Joshi and many other researchers on the cutting-edge of HPC heating and cooling research are looking toward liquid cooling technology as the ultimate way to usher heat out of the data center and keep energy bills down. Liquid cooling technologies are getting closer to the processor itself, which might make some IT folks nervous at first, but anyone who knows a bit of HPC history will recall that liquid cooling was first seen in big mainframe systems more than 20 years ago, and worked rather well. As a coolant, water is capable of capturing and transporting heat about 4,000 times more efficiently than air. Despite that, the initial reaction to the idea of water being anywhere near IT equipment is usually that of skepticism. "The normal reaction of a data center user is that he is still afraid of having water in his systems, but our argument is that we already had water in bipolar mainframes some 20 years back and had good experience with these systems, and there's already a system now available with liquid cooling called cold water cooling," says Bruno Michel, manager of Advanced Thermal Packaging at IBM's Zurich Research Laboratory. "The use of liquid in computers is getting more and more straightforward as time goes on."
Michel helps to lead a team of researchers at the Swiss Federal Institute of Technology in Zurich that is working in conjunction with IBM to incorporate liquid cooling into a supercomputer's architecture with a newly designed, water-cooled, 10-teraflop supercomputer called Aquasar. The system uses a cooling approach known as chip-level or chip-attached water-cooling, where each server blade is equipped with a microscale high-performance liquid cooler for each processor. The other liquid cooling method is called direct-chip backside cooling, where the silicon is in direct contact with the fluid. (Aquasar will eventually use this method because it is more effective.) Aquasar requires about 10 liters of water circulated by a pump at approximately 30 liters per minute around the system in a closed-circuit setup. The cooling water is continually heated by the chips as it goes through a passive heat exchanger. The waste heat is removed and delivered to the university's heating systems where it is used for hot water and space heating during the year, reducing the campus' carbon footprint by some 30 tons.

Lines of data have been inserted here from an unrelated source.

Lemma exists_vertex_reflect_face N a c :
  {in s, forall q, dotp a q <= c} -> (count (fun q => dotp a q == c) s <= N)%N ->
  forall p, Z p -> dotp a p = c ->
  exists v, [/\ vertex Z v, dotp a v = c & Z (2%:R *: p - v)].
Proof.
elim: N a c => [|N IH] a c sa cnt p Zp ap; have F_S := face_nncomb sa.
  move: cnt; rewrite leqn0 -size_filter size_eq0 => /eqP S0.
  by have := (F_S p).1 (conj Zp ap); rewrite S0 => -[_ /eqP]; rewrite oner_eq0.
set S := [seq q <- s | dotp a q == c] in F_S.
have [c0 c0_sym] : centrally_symmetric (fun x => Z x /\ dotp a x = c).
  apply: Z_faces_sym; right; exists a, c; split=> // x /Z_hull/(nncomb_dot_le sa).
  by rewrite mul1r.
have S_p : nncomb S p 1 by exact/F_S.
have S_c0 : nncomb S c0 1 by apply: (nncomb_center S_p); apply/F_S/c0_sym.
have [/allP S_p1|S_notp] := boolP (all (eq_op^~ p) S).
  exists p; split=> //; last by rewrite scaler_nat mulr2n addrK.
  right; exists a, c; split=> [x /Z_hull/(nncomb_dot_le sa)|x]; first by rewrite mul1r.
  split=> [->|/F_S xS] //.
  by rewrite (nncomb_const (p := p) _ xS) ?scale1r // => q /S_p1/eqP.
have [y [b [th [S_y bS bc0 th01 pE]]]] := nncomb_segment_exit S_c0 S_p S_notp.
have sb : {in s, forall q, dotp a q = c -> dotp b q <= dotp b y}.
  by move=> q qs aq; apply: bS; rewrite mem_filter aq eqxx.
have [q1 S_q1] : exists2 q1, q1 \in S & ~~ (dotp b y <= dotp b q1).
  apply/allPn; apply: contraL bc0 => /allP ge_by.
  by rewrite -leNgt -[dotp b y]mul1r (nncomb_dot_ge _ S_c0).
move: S_q1; rewrite mem_filter -ltNge => /andP[/eqP aq1 q1s] bq1.
(* Tilting the face towards [b] gives a smaller face through [y], missing [q1]. *)
have [a' [c' [sa' cnt' a'a a'_face]]] :=
  exists_subface sa sb (ex_intro2 _ _ q1 q1s (conj aq1 bq1)).
have [Zy ay] := (F_S y).2 S_y.
have cntN : (count (fun q => dotp a' q == c') s <= N)%N.
  by rewrite -ltnS (leq_trans cnt').
have [v [v_vtx a'v Z_2y_v]] := IH a' c' sa' cntN y Zy (a'_face y ay erefl).
have Zv := vertex_mem v_vtx.
have av : dotp a v = c.
  have := (face_nncomb sa' v).1 (conj Zv a'v); rewrite -[c]mul1r.
  by apply: nncomb_dot_eq => q; rewrite mem_filter => /andP[/eqP a'q qs]; exact: a'a.
have [Z_2c0_v _] := c0_sym v (conj Zv av).
exists v; split=> //.
have -> : 2%:R *: p - v = th *: (2%:R *: y - v) + (1 - th) *: (2%:R *: c0 - v).
  by rewrite pE; apply/rowP => j; rewrite !mxE; ring.
exact: hull_convex.
Qed.
Lemma Sk_exp_hit_gt_le x : (k <= x <= 2 * k)%N ->
  (Sk_exp_hit_gt N k d (4 * k) x <= (1201 / Num.sqrt k%:R)%:E)%E.
Proof.
move=> x_range; set M := Num.truncn (Num.sqrt (k%:R : R)).
have M_s := truncn_itv (sqrtr_ge0 (k%:R : R)); rewrite -/M in M_s.
have M_in : (0 < M <= k)%N.
  case/andP: M_s => M_le_s s_lt_M1; have k_ge2R : (2 : R) <= k%:R by rewrite ler_nat.
  have s2 : Num.sqrt (k%:R : R) ^+ 2 = k%:R by rewrite sqr_sqrtr ?ler0n.
  have s_ge1 : 1 <= Num.sqrt (k%:R : R) by rewrite -[leLHS]sqrtr1 ler_sqrt //; lra.
  have s_le_k : Num.sqrt (k%:R : R) <= k%:R by rewrite -[leRHS]s2 ler_eXnr.
  apply/andP; split; last by rewrite -(@ler_nat R); lra.
  by rewrite -ltnS -(@ltr1n R); lra.
rewrite /Sk_exp_hit_gt; apply: lime_le.
  apply: is_cvg_nneseries => n _ _.
  by rewrite lee_fin divr_ge0 ?Sk_surv_ge0 ?(ltW Sk_total_rate_gt0).
apply: nearW => n; rewrite sumEFin lee_fin.
exact: le_trans (Sk_surv_series_le n x_range M_in) (potential_bound_sqrt_le k_ge2 M_s).
Qed.

End SkShuffle.

Theorem lemma5p4 (R : realType) :
  exists C : R, 0 < C /\
  forall (k : nat -> nat) (delta : nat -> nat -> R),
    (forall N, (2 <= k N)%N) ->
    (fun N : nat => (k N)%:R / N%:R : R) @ \oo --> (0 : R) ->
    (forall N j, (2 <= j <= k N - 1)%N -> 0 <= delta N j <= 1) ->
    exists N0 : nat, forall N : nat, (N0 <= N)%N ->
      forall x : nat, (k N <= x <= 2 * k N)%N ->
        (Sk_exp_hit_gt N (k N) (delta N) (4 * k N) x
           <= (C / Num.sqrt (k N)%:R)%:E)%E.
Proof.
exists 1201; split; first lra.
move=> k delta k_ge2 k_small delta01.
have [N0 _ kN_small] := cvgr_lt (0 : R) k_small (5^-1) ltac:(by rewrite invr_gt0).
exists N0.+1 => N le_N0N x x_range.
have N_gt5k : (5 * k N < N)%N.
  have N_gt0 : (0 : R) < N%:R by rewrite ltr0n; lia.
  have := kN_small N (ltnW le_N0N); rewrite ltr_pdivrMr // mulrC ltr_pdivlMr // => lt_kN.
  by rewrite -(@ltr_nat R) natrM; lra.
exact: (Sk_exp_hit_gt_le (k_ge2 N) N_gt5k (delta01 N)).
Qed.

When it comes to maintenance issues, Michel says the only real challenge is ensuring that the water pumps are working properly. "The weakest element is the liquid pump, so we have two pumps in the systems for redundancy. If one fails, the other takes over and sends an alert," Michel says. "Because we have microfluidic cooling, we have very small channels and we need to make sure that we have a filter and we also have a chemical additive in the fluid to prevent electrochemical corrosion — this is a known composition that is contained in all systems that contain copper tubing and heat exchangers. It is hermetically sealed, so there is a very small risk of failure, and we are also detecting the internal pressure of the system and [detecting] very small losses of liquid."
Air before liquid?
According to Georgia Tech's Joshi, liquid cooling will certainly play more and more of a starring role in the battle to keep data centers cool, but it will be just one of several options. Ultimately, it all comes down to the size of the data center, and the watts each rack is eating up throughout its workday. "You want to eke out as much as you can from air cooling. ... Fifteen kilowatt racks are good with air, but anything more than that and you're probably going to be moving towards liquid cooling," he says.